[RECORDS PROVIDED]:
━━━━━━━━━━━━━━━━

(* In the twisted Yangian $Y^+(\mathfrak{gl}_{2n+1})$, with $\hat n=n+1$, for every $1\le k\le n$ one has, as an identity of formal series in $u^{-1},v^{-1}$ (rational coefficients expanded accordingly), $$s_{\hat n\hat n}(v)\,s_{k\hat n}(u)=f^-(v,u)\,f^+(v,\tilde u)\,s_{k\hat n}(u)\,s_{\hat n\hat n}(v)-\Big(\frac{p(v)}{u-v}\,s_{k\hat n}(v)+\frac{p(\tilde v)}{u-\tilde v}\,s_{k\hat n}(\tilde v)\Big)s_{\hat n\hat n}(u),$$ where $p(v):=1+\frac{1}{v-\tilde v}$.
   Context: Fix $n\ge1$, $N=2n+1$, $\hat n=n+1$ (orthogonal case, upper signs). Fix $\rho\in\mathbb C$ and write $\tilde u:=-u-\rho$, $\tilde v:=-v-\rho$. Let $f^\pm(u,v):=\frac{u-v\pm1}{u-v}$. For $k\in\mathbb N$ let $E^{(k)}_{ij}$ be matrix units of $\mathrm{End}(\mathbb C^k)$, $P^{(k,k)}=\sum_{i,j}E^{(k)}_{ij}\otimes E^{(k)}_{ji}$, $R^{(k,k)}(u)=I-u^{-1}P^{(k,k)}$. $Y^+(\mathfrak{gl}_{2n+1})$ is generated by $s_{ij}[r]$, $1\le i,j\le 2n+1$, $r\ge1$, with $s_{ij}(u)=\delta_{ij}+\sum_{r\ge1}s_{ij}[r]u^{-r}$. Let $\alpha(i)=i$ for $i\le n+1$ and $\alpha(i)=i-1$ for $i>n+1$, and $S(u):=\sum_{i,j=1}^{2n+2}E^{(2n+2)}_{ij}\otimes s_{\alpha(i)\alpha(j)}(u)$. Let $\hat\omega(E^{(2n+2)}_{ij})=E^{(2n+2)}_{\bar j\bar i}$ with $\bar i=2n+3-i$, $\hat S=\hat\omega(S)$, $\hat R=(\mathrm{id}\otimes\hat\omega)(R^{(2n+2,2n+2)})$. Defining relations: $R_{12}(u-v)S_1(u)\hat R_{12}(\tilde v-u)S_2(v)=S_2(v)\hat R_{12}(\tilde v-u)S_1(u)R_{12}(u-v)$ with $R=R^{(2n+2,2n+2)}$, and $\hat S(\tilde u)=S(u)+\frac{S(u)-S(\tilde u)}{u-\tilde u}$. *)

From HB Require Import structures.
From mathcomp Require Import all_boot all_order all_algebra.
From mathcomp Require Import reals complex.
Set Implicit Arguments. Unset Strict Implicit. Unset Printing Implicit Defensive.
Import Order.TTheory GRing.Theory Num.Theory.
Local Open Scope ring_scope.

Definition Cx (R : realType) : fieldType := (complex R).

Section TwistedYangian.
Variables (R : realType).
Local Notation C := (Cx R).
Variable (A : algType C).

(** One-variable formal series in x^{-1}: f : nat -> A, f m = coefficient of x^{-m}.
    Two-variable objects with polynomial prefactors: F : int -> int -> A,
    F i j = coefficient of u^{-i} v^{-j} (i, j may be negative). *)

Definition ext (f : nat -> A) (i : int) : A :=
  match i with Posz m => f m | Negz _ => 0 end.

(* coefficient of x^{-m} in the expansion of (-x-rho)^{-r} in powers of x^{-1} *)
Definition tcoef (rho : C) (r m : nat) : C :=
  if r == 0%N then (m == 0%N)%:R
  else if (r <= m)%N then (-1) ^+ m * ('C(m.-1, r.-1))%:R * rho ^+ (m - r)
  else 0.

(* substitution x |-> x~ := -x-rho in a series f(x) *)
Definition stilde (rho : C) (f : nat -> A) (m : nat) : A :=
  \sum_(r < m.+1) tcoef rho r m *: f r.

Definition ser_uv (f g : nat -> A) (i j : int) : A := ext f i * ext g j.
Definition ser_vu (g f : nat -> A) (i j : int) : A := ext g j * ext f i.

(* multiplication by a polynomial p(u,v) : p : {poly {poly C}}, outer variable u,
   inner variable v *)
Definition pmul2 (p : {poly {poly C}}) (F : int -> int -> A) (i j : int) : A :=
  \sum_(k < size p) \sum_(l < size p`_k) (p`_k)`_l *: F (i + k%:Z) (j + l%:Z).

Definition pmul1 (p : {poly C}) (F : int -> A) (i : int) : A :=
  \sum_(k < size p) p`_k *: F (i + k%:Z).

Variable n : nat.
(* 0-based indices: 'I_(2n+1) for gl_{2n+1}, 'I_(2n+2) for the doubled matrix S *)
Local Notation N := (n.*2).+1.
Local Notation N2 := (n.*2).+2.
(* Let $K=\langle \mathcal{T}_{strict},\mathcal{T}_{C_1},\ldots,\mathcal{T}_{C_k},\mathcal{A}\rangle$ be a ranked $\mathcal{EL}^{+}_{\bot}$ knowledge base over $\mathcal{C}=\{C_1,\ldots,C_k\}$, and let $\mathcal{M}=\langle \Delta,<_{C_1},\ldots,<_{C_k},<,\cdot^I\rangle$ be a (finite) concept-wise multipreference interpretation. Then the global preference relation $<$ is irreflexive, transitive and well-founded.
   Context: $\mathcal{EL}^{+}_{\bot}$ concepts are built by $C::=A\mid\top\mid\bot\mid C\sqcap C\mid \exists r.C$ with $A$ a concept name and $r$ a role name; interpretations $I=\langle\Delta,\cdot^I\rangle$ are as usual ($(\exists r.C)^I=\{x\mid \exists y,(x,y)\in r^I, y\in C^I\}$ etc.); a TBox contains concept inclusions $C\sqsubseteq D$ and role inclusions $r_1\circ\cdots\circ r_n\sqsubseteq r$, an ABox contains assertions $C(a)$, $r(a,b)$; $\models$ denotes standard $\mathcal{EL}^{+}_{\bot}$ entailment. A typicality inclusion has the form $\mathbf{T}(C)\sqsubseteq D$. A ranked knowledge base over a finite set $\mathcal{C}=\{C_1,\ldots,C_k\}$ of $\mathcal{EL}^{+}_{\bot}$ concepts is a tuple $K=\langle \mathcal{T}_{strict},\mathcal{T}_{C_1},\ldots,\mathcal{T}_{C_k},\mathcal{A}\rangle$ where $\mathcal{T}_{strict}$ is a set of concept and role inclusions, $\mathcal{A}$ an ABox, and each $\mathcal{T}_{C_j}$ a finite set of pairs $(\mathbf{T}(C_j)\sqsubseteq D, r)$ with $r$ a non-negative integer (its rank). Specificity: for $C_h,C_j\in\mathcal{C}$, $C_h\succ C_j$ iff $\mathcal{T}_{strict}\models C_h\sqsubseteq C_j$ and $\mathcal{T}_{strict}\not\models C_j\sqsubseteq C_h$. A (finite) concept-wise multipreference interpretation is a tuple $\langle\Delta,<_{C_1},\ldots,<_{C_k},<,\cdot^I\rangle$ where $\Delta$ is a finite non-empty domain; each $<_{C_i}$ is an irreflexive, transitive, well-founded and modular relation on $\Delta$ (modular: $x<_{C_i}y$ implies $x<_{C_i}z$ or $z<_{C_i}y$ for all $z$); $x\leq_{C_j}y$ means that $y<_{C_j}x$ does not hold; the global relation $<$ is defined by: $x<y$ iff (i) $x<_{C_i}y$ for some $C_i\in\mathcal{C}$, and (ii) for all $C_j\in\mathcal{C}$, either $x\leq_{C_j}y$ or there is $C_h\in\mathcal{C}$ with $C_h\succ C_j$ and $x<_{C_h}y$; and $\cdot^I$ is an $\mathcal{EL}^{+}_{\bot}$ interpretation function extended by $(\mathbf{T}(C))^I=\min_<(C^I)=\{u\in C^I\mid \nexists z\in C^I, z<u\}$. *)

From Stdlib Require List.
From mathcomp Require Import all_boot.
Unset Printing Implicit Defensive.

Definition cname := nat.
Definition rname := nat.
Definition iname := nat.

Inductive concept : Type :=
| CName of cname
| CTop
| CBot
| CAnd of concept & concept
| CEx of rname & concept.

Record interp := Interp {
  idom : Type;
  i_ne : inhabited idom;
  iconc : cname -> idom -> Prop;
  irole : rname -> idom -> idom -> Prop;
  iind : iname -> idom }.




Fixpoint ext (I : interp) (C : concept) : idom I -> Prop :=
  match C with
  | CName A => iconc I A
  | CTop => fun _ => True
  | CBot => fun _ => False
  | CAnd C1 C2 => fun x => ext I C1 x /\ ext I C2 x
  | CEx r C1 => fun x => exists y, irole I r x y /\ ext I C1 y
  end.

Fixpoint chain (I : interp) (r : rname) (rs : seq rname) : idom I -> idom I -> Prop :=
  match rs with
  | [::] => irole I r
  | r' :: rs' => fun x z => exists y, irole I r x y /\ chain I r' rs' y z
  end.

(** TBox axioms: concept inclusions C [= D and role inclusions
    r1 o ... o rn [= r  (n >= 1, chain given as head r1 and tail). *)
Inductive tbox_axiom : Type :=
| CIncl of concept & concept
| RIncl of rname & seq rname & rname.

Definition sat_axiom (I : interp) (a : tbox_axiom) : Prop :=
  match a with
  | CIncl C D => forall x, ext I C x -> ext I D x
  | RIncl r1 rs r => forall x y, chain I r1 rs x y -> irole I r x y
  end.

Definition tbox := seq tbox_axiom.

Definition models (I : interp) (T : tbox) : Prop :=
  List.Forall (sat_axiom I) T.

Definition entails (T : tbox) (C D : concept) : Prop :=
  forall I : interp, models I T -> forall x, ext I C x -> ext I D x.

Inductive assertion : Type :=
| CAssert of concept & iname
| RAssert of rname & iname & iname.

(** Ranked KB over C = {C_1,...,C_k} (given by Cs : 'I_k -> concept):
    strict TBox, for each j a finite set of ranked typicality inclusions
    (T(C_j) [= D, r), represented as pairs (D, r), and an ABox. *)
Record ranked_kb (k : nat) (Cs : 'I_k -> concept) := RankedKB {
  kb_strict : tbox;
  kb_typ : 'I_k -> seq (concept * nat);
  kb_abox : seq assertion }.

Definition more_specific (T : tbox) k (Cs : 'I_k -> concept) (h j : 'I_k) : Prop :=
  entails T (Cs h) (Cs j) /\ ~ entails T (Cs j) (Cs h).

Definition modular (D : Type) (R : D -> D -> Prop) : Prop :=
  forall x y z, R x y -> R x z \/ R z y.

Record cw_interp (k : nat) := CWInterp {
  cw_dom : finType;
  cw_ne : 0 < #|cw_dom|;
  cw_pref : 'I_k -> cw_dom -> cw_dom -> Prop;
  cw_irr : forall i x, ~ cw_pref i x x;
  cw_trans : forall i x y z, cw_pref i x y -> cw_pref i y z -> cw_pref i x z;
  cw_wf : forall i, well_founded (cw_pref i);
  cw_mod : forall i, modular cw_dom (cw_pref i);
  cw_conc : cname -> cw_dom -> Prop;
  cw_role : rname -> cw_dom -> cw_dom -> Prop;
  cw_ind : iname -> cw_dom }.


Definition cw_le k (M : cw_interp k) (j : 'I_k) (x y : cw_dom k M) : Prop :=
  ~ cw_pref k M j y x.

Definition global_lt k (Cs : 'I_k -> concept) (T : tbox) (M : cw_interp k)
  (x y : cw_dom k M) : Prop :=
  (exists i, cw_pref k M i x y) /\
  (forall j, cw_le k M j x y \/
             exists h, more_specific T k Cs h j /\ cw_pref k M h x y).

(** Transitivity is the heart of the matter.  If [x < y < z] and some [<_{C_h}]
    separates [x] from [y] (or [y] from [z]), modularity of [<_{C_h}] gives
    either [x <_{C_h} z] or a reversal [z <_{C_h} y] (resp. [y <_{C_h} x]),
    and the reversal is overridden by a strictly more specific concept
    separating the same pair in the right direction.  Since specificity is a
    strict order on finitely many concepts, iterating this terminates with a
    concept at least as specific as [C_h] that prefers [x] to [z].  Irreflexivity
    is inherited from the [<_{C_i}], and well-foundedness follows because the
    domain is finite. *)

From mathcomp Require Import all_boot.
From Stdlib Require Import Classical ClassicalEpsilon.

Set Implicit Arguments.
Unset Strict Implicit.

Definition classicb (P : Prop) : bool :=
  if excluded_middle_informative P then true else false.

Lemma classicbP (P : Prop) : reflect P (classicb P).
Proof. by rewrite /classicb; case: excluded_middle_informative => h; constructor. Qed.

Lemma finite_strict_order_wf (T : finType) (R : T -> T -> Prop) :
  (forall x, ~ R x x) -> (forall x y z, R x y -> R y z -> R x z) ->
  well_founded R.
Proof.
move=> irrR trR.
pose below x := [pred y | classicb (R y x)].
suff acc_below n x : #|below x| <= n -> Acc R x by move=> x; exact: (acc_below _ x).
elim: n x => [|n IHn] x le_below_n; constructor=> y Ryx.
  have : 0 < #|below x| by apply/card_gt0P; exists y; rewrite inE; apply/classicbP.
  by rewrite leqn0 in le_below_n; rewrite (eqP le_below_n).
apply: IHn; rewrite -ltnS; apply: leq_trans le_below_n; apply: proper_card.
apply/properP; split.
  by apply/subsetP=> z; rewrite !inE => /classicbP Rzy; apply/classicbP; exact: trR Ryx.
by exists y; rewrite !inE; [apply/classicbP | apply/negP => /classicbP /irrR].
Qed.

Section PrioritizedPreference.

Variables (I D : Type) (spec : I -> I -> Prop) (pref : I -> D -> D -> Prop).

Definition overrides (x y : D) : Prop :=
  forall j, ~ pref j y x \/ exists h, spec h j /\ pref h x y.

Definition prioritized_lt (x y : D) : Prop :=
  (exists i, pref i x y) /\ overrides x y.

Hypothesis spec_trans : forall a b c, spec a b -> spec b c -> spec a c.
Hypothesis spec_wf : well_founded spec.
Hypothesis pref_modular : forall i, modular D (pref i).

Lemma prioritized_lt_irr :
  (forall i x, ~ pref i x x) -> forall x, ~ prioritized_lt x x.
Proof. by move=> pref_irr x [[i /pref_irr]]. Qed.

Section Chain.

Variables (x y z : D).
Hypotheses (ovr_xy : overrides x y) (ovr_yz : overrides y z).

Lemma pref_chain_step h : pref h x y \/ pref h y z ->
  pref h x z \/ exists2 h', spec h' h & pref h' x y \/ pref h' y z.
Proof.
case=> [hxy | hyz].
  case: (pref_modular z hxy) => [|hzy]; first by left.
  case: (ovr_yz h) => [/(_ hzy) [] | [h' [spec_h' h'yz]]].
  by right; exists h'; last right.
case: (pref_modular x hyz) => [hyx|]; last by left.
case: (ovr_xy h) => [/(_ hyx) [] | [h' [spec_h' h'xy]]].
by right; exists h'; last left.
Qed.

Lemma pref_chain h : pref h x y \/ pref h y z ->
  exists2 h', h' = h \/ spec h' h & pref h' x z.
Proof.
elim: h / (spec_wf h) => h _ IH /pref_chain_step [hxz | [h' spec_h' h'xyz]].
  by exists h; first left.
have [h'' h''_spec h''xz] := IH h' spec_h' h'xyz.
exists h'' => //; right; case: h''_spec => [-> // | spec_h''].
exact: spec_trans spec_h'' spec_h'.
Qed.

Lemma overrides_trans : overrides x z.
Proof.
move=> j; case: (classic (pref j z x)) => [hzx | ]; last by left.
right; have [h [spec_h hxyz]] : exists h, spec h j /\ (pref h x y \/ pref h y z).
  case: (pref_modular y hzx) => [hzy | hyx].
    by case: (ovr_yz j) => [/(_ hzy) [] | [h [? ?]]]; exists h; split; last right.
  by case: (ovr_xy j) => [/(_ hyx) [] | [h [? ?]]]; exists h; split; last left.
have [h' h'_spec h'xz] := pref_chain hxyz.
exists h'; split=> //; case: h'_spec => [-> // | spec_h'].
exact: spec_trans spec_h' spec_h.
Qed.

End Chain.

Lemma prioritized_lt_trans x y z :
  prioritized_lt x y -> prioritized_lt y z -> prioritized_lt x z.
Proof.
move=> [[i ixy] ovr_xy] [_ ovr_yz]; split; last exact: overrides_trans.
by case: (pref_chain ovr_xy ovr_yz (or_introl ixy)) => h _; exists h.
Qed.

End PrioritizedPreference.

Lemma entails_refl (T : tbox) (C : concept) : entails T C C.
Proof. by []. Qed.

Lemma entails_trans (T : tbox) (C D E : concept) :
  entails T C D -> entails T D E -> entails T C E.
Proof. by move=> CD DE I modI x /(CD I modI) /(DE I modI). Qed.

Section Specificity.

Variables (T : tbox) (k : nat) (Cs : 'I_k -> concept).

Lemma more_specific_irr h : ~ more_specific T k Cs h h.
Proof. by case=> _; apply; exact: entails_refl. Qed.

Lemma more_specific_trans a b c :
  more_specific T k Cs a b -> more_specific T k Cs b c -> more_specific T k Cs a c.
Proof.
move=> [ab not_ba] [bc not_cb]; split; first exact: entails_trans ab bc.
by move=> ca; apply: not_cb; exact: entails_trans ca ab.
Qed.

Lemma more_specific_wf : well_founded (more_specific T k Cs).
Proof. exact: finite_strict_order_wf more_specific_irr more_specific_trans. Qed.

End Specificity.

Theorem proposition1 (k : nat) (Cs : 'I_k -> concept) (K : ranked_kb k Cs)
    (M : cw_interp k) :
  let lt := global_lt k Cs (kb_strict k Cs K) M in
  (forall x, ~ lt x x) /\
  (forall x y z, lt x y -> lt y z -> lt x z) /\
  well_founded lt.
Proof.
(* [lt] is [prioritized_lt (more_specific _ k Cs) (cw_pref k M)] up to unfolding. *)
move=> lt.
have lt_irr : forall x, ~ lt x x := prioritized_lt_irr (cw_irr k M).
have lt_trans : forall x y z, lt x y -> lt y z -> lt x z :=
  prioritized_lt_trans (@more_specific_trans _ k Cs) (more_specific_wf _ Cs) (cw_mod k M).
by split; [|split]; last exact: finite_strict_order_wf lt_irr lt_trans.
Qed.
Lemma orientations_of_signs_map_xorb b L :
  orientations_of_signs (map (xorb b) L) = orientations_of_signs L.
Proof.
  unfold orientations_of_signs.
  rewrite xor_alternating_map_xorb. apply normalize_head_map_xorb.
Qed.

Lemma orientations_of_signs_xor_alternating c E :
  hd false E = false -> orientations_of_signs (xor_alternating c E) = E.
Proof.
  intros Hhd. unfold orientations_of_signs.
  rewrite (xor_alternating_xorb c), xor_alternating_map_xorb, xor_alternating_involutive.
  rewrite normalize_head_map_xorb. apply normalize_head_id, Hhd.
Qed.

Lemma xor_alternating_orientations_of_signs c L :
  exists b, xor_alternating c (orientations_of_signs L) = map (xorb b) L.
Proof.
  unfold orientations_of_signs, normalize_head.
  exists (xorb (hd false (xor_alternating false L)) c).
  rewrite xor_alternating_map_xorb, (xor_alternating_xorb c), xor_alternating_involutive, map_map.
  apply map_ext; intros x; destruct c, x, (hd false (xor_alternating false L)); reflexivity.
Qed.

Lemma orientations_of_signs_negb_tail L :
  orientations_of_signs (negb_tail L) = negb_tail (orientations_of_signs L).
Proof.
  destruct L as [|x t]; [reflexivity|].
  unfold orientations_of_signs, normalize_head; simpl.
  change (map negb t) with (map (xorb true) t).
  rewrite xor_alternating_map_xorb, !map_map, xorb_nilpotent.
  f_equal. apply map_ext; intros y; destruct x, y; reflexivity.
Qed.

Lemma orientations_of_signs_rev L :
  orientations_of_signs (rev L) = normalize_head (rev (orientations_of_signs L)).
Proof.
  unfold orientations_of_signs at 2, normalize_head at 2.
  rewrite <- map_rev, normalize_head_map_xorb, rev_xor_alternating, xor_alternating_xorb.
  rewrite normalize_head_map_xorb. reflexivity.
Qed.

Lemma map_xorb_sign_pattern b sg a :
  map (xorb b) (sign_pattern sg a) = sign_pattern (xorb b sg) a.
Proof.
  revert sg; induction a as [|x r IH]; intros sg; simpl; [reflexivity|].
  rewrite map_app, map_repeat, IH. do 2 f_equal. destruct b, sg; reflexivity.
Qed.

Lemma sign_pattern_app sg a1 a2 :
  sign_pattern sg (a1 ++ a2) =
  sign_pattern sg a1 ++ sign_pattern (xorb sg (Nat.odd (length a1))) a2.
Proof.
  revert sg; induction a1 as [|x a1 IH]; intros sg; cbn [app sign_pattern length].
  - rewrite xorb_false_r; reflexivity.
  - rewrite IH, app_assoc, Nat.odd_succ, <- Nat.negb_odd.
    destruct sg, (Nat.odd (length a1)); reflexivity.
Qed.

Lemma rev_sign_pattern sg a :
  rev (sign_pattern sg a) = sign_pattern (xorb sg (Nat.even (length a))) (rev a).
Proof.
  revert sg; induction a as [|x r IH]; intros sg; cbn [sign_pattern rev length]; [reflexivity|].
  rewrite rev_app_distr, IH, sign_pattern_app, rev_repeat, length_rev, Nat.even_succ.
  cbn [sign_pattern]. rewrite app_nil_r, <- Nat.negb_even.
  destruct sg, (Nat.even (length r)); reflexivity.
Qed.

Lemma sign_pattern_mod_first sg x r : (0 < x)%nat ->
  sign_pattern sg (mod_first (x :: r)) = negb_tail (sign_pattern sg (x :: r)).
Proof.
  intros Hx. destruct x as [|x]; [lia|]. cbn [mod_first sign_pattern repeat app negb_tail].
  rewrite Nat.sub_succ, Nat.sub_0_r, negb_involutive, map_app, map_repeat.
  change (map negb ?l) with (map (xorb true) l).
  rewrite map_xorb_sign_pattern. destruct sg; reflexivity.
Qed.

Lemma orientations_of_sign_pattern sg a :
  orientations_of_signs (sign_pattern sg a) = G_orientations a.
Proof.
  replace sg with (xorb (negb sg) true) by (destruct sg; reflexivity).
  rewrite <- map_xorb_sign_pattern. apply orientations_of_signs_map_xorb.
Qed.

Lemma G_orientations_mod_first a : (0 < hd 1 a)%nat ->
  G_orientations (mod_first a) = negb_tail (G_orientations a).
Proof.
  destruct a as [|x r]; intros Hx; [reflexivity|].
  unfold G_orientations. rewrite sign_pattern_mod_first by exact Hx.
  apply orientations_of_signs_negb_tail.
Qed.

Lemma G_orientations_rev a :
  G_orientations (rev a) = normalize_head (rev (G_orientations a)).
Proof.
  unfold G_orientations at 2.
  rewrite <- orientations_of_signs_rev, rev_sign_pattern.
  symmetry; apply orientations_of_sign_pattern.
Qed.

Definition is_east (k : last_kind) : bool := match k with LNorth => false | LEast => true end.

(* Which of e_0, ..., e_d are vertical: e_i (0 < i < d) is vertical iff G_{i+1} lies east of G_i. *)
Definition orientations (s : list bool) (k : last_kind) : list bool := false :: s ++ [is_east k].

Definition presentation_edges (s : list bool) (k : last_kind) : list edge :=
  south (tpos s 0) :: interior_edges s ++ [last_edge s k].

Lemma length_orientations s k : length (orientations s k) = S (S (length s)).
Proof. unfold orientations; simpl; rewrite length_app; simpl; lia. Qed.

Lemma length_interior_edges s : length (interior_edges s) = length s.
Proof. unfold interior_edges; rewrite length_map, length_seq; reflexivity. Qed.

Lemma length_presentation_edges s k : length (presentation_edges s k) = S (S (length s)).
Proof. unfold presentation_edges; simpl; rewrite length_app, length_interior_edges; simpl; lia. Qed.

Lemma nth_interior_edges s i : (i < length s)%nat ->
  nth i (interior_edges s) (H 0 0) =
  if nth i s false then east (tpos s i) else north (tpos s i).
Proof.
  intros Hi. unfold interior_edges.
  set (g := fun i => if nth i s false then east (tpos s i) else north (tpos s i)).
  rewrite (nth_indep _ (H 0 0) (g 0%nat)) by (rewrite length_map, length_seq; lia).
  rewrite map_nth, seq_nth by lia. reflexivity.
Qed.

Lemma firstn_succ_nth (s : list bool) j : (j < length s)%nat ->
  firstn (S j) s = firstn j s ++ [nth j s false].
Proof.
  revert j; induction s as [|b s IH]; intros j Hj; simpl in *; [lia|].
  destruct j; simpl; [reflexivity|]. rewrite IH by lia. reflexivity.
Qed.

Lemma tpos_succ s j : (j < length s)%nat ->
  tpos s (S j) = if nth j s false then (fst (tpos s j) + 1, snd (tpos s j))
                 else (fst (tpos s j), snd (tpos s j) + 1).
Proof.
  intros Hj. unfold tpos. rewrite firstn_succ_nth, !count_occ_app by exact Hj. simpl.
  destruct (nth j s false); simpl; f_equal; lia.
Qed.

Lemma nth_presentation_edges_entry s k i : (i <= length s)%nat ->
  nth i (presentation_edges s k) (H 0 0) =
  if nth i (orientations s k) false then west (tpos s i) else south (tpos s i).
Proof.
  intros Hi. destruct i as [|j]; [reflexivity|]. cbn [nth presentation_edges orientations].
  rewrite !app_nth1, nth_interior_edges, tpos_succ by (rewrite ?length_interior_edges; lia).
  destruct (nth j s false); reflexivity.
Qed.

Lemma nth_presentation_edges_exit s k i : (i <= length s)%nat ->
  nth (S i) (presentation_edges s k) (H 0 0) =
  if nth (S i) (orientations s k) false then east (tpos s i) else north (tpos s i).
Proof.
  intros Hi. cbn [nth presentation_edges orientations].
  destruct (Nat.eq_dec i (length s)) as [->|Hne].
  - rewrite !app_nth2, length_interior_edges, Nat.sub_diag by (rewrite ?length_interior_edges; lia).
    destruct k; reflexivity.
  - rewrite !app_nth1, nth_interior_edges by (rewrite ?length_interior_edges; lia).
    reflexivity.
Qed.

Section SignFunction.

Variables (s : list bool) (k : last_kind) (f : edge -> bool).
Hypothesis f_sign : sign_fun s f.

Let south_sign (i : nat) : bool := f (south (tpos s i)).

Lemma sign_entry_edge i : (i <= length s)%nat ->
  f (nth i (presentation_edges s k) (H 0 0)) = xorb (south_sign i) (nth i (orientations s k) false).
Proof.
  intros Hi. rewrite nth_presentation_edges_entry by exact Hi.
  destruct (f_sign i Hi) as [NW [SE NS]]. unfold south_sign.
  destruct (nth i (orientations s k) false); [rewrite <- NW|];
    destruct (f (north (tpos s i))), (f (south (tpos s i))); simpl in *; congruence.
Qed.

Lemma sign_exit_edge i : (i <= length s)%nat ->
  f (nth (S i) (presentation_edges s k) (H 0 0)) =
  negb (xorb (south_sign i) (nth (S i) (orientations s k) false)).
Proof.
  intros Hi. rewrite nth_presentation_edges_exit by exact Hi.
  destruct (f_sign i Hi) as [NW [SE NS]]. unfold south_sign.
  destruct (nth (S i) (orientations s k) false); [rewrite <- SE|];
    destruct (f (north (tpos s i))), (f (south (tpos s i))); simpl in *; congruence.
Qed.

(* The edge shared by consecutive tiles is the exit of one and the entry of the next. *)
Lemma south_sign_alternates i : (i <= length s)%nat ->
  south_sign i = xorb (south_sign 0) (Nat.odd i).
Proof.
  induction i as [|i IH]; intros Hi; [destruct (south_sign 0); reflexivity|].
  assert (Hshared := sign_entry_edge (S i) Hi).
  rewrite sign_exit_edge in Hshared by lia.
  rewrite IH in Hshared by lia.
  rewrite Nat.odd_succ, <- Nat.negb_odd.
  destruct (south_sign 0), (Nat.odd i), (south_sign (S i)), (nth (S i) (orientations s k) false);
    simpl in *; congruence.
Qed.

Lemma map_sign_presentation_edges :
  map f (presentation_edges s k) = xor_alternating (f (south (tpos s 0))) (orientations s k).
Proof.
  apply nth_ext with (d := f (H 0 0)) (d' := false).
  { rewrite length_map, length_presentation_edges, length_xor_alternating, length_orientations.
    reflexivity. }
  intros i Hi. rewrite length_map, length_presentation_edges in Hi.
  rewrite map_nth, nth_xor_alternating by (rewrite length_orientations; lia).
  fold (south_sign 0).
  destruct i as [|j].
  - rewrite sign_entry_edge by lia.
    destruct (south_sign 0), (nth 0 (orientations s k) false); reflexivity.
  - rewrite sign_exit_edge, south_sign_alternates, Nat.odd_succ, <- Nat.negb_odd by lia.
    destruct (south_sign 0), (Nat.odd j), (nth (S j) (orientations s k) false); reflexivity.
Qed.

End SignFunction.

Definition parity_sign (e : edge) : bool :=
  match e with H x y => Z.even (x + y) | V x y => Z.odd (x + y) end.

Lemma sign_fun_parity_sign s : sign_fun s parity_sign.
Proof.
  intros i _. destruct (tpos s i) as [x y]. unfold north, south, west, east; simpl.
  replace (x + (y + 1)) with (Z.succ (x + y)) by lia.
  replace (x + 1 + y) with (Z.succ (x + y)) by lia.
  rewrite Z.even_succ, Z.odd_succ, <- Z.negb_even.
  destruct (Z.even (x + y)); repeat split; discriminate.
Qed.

━━━━━━━━━━━━━━━━

Copy out whichever lines of the listing contain the word "Section".

[RESPONSE BELOW]:
Section TwistedYangian.
Section PrioritizedPreference.
Section Chain.
Section Specificity.
Section SignFunction.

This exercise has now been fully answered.